8 thoughts on “The UK gets welcome news from real wages and employment

  1. If only the numbers hadn’t been tortured, as in bastinado, thumbscrews, the iron maiden & the 3rd degree, it’d be an improvement, but still an upstream pee in the Clyde compared to what we’ve lost over the past 50 years.

    therrawbuzzin

    • Hi therrawbuzzin

      I thought you might enjoy this from the 1980s

      Hacker: Education in this country is a disaster. We’re supposed to be preparing children for a working life. Three quarters of the time they’re bored stiff!

      Sir Humphrey: Well I should have thought that being bored stiff for three quarters of the time was an excellent preparation for working life.

      Hacker: The school leaving age was raised to 16 so that they could learn more, and they’re learning less!

      Sir Humphrey: We didn’t raise it to enable them to learn more! We raised it to keep teenagers off the job market and hold down the unemployment figures.

      ( h/t https://www.comedy.co.uk/tv/yes_prime_minister/quotes/ )

      One way or another they get to it….

  2. The US and UK economy exhibit similar trends in some areas. Housing mortgage rates have substantially increased and the value of housing after large increases , flat lining There is a lot of disposable income sloshing around after the covid handouts, and wage/pension increases have been the highest for years. CPI increases in energy and goods have fallen ( albeit its an arithmetic effect in energy) but in food and services , not so much ( there are signs of renewed upwards pressure). But the top 30% or so still have enough increased income to spend and save a little ( in the US, a lot).
    So are the economies about to grind to a halt because of higher interest rates, or are they going to have modest growth for say ten years , with ongoing inflationary pressures because of ‘events’ ( to which the UK is particularly vulnerable), meaning interest rates will stay about at current levels for long time , and with smallish real income growth catching up over the 10 years with the effects of those previous large increases in property prices.
    I think this is likely if the USD remains king. If it doesn’t and the risk is it won’t over the next decade, then frankly all bets are off for US/UK/EZ.

    • Hi JW

      Your comment relates to a discussion on the impact of inflation I was having earlier. It was that the impact of inflation is very different on the rich to the poor and it happens in more than just one way. The obvious example is that the rich have more scope to take it on the chin but we got onto discussing the quality of produce as well. The rich may shuffle around a bit but again the poor will be forced onto ever lower quality goods.

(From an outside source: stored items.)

(* Let $A\in\mathbb{C}^{n\times n}$ be positive definite (i.e. $A+A^*$ is Hermitian positive definite), let $C\in\mathbb{C}^{m\times m}$ be positive semidefinite (i.e. $C+C^*$ is Hermitian positive semidefinite), let $B\in\mathbb{C}^{m\times n}$ with $m\le n$, and let $$\mathcal{A}=\begin{bmatrix}A&B^*\\-B&C\end{bmatrix}$$ be singular, with linear system $\mathcal{A}u=b$. Write $A=A_P+A_S$ with $A_P$ positive definite and $A_S$ skew-Hermitian, $C=C_P+C_S$ with $C_P$ positive semidefinite and $C_S$ skew-Hermitian, and $B=B_P+B_S$ an arbitrary splitting. Let $P_\alpha\in\mathbb{C}^{n\times n}$ and $P_\beta\in\mathbb{C}^{m\times m}$ be Hermitian positive definite, and set $$\mathcal{P}=\begin{bmatrix}A_P&B_P^*\\-B_P&C_P\end{bmatrix},\quad \mathcal{S}=\begin{bmatrix}A_S&B_S^*\\-B_S&C_S\end{bmatrix},\quad \Sigma=\begin{bmatrix}P_\alpha&0\\0&P_\beta\end{bmatrix},$$ $$\Gamma_{\mathrm{EPSS}}=(\Sigma+\mathcal{S})^{-1}(\Sigma-\mathcal{P})(\Sigma+\mathcal{P})^{-1}(\Sigma-\mathcal{S}).$$ Suppose that for every $\lambda\in\sigma(\Gamma_{\mathrm{EPSS}})$ with $|\lambda|=1$ and $\lambda\neq 1$, and for every nonzero $r\in \mathrm{null}(C+C^* )$, $$r^*\big(P_\beta-B_SP_\alpha^{-1}B_P^*+C_SP_\beta^{-1}C_P\big)r\neq\frac{1+\lambda}{1-\lambda}\,r^*Cr.$$ Then the EPSS iteration $u^{k+1}=\Gamma_{\mathrm{EPSS}}u^k+c$, with $c=2(\Sigma+\mathcal{S})^{-1}\Sigma(\Sigma+\mathcal{P})^{-1}b$, is semi-convergent, i.e. it converges to a solution of $\mathcal{A}u=b$ for every initial guess $u^0$.
   Context: The EPSS iteration is equivalently the two-step scheme $(\Sigma+\mathcal{P})u^{k+1/2}=(\Sigma-\mathcal{S})u^k+b$, $(\Sigma+\mathcal{S})u^{k+1}=(\Sigma-\mathcal{P})u^{k+1/2}+b$. $\sigma(\cdot)$ denotes the spectrum and $\mathrm{null}(\cdot)$ the null space. An iteration for a singular system is called semi-convergent if it converges to a solution of the system for any initial guess; the system $\mathcal{A}u=b$ is understood to be consistent (solvable). *)

From HB Require Import structures.
From mathcomp Require Import all_boot all_order all_algebra.
From mathcomp Require Import reals.
From mathcomp Require Export complex.
Set Implicit Arguments. Unset Strict Implicit. Unset Printing Implicit Defensive.
Import Order.TTheory GRing.Theory Num.Theory.
Local Open Scope ring_scope.

Definition ctrmx (F : numClosedFieldType) (p q : nat) (M : 'M[F]_(p, q)) : 'M[F]_(q, p) :=
  map_mx (fun z => z^*) M^T.

Definition hermitian (F : numClosedFieldType) (p : nat) (H : 'M[F]_p) : Prop :=
  ctrmx H = H.

Definition skew_hermitian (F : numClosedFieldType) (p : nat) (H : 'M[F]_p) : Prop :=
  ctrmx H = - H.

Definition qform (F : numClosedFieldType) (p : nat) (H : 'M[F]_p) (x : 'cV[F]_p) : F :=
  (ctrmx x *m H *m x) 0 0.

      It came about after a meeting about the new Household Costs Index or HCI which looks to measure more of the impact of inflation on the poor. You will not be surprised to read that progress on the HCI has been of a pace that would embarrass a sloth and a particularly lazy one at that.

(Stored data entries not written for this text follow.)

(* Assume that the constants $\lambda_R>0$, $\delta \geq 0$, $\Delta_T \geq 0$, $\Delta_\alpha \geq 0$, and $C>0$ are such that the conditions listed in the context hold for the solution $\bar{\alpha}^s$, $\bar{\alpha}^t$, $\bar{T}$ of Problem 3. Then the difference between the rates of variation of the estimated source and target label functions $f^s = \bar{U}^s \bar{\alpha}^s$ and $f^t = \bar{U}^t \bar{T} \bar{\alpha}^t$ on the source and target graphs is bounded as \[ | (f^s)^T L^s f^s - (f^t)^T L^t f^t | \leq C^2 \delta + 2 C \lambda_R \Delta_\alpha + C^2 \lambda_R ( 2 \Delta_T + \Delta_T^2 ). \]
   Context: A source graph with $N_s$ nodes has graph Laplacian $L^s$ and a target graph with $N_t$ nodes has graph Laplacian $L^t$ (Laplacian $L=D-W$ with $W$ the weight matrix and $D$ the diagonal degree matrix). Let $0=\lambda_1^s \leq \dots \leq \lambda_R^s$ and $0=\lambda_1^t \leq \dots \leq \lambda_R^t$ be the $R$ smallest eigenvalues of $L^s$ and $L^t$, with $R<N_s$, $R<N_t$, and let $\bar{U}^s \in \mathbb{R}^{N_s \times R}$, $\bar{U}^t \in \mathbb{R}^{N_t \times R}$ contain the corresponding orthonormal eigenvectors (reduced graph Fourier bases). Problem 3 is \[ \min_{\bar{\alpha}^s, \bar{\alpha}^t, \bar{T}} \| S^s \bar{U}^s \bar{\alpha}^s - y^s \|^2 + \| S^t \bar{U}^t \bar{T} \bar{\alpha}^t - y^t \|^2 + \mu_1 \| \bar{\alpha}^s - \bar{\alpha}^t \|^2 + \mu_2 \| \bar{M} \odot \bar{T} \|_F^2 \] subject to $\sum_{i=1}^{R} \bar{T}_{ij}^2 = 1$ for $j=1,\dots,R$, where $S^s, S^t$ are binary selection matrices picking out labeled nodes, $y^s, y^t$ the known labels, $\bar{M}_{ij}=\exp((i-j)^2/\sigma^2)$, $\odot$ the Hadamard product, $\mu_1,\mu_2>0$, $\bar{T}\in\mathbb{R}^{R\times R}$. Conditions assumed for the solution: $| \lambda_i^s - \lambda_i^t | \leq \delta$ for all $i=1,\dots,R$; $\lambda_R = \max(\lambda_R^s, \lambda_R^t)$; $\| \bar{\alpha}^s - \bar{\alpha}^t \| \leq \Delta_\alpha$; $\| \bar{T} - I \| \leq \Delta_T$ where $I$ is the $R\times R$ identity and $\|\cdot\|$ denotes the operator norm for matrices; and $\| \bar{\alpha}^s \|, \| \bar{\alpha}^t \| \leq C$. *)

From HB Require Import structures.
From mathcomp Require Import all_boot all_order all_algebra.
From mathcomp Require Import all_classical all_reals all_analysis.
Set Implicit Arguments. Unset Strict Implicit. Unset Printing Implicit Defensive.
Import Order.TTheory GRing.Theory Num.Theory.
Local Open Scope ring_scope.
Local Open Scope classical_set_scope.

Section Defs.
Variable R : realType.

Definition vnorm n (x : 'cV[R]_n) : R := Num.sqrt (\sum_i (x i 0) ^+ 2).

Definition frob2 m n (A : 'M[R]_(m, n)) : R := \sum_i \sum_j (A i j) ^+ 2.

Definition opnorm m n (A : 'M[R]_(m, n)) : R :=
  sup [set vnorm (A *m x) | x in [set x : 'cV[R]_n | vnorm x <= 1]].

Definition laplacian N (W : 'M[R]_N) : 'M[R]_N :=
  diag_mx (\row_i \sum_j W i j) - W.

Definition weight_matrix N (W : 'M[R]_N) : Prop :=
  W^T = W /\ (forall i j, 0 <= W i j).

Definition selection_matrix m N (S : 'M[R]_(m, N)) : Prop :=
  exists sel : 'I_m -> 'I_N, injective sel /\
    forall i j, S i j = (j == sel i)%:R.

  3. “The estimated number of workforce jobs in the UK in September 2023 was a record 36.8 million, an increase of 210,000 from June 2023. The total number of jobs includes both employee jobs and self-employment jobs. The estimated number of employee jobs has been on a largely upwards trend since September 2020, resulting in a record high of 32.5 million in September 2023.”

    In 2016 Mark Carney predicted 15 million jobs could be taken by robot technology in less than a decade

    https://www.express.co.uk/news/uk/740231/robots-mark-carney-15-million-british-workers-bank-of-england-liverpool-university

    Unemployment in the UK is still one of the lowest in Europe, the labour market tight and loads of jobs not filled, why have his predictions been so far off the mark or indeed a million miles off the doom and gloom he predicted ?

    • Hi Peter

      I have tried to track that statement down but the link to such research says this.

      “Sorry, the page you were looking for has either moved or is no longer available”

      But we do know that he did like his doom and gloom as the days after Brexit showed. Perhaps it is a requirement for Bank of England Governors!

  4. Real wage growth and falling gdp don’t really match. Perhaps CPI is not the best measure for what may happen in the economy and buying power.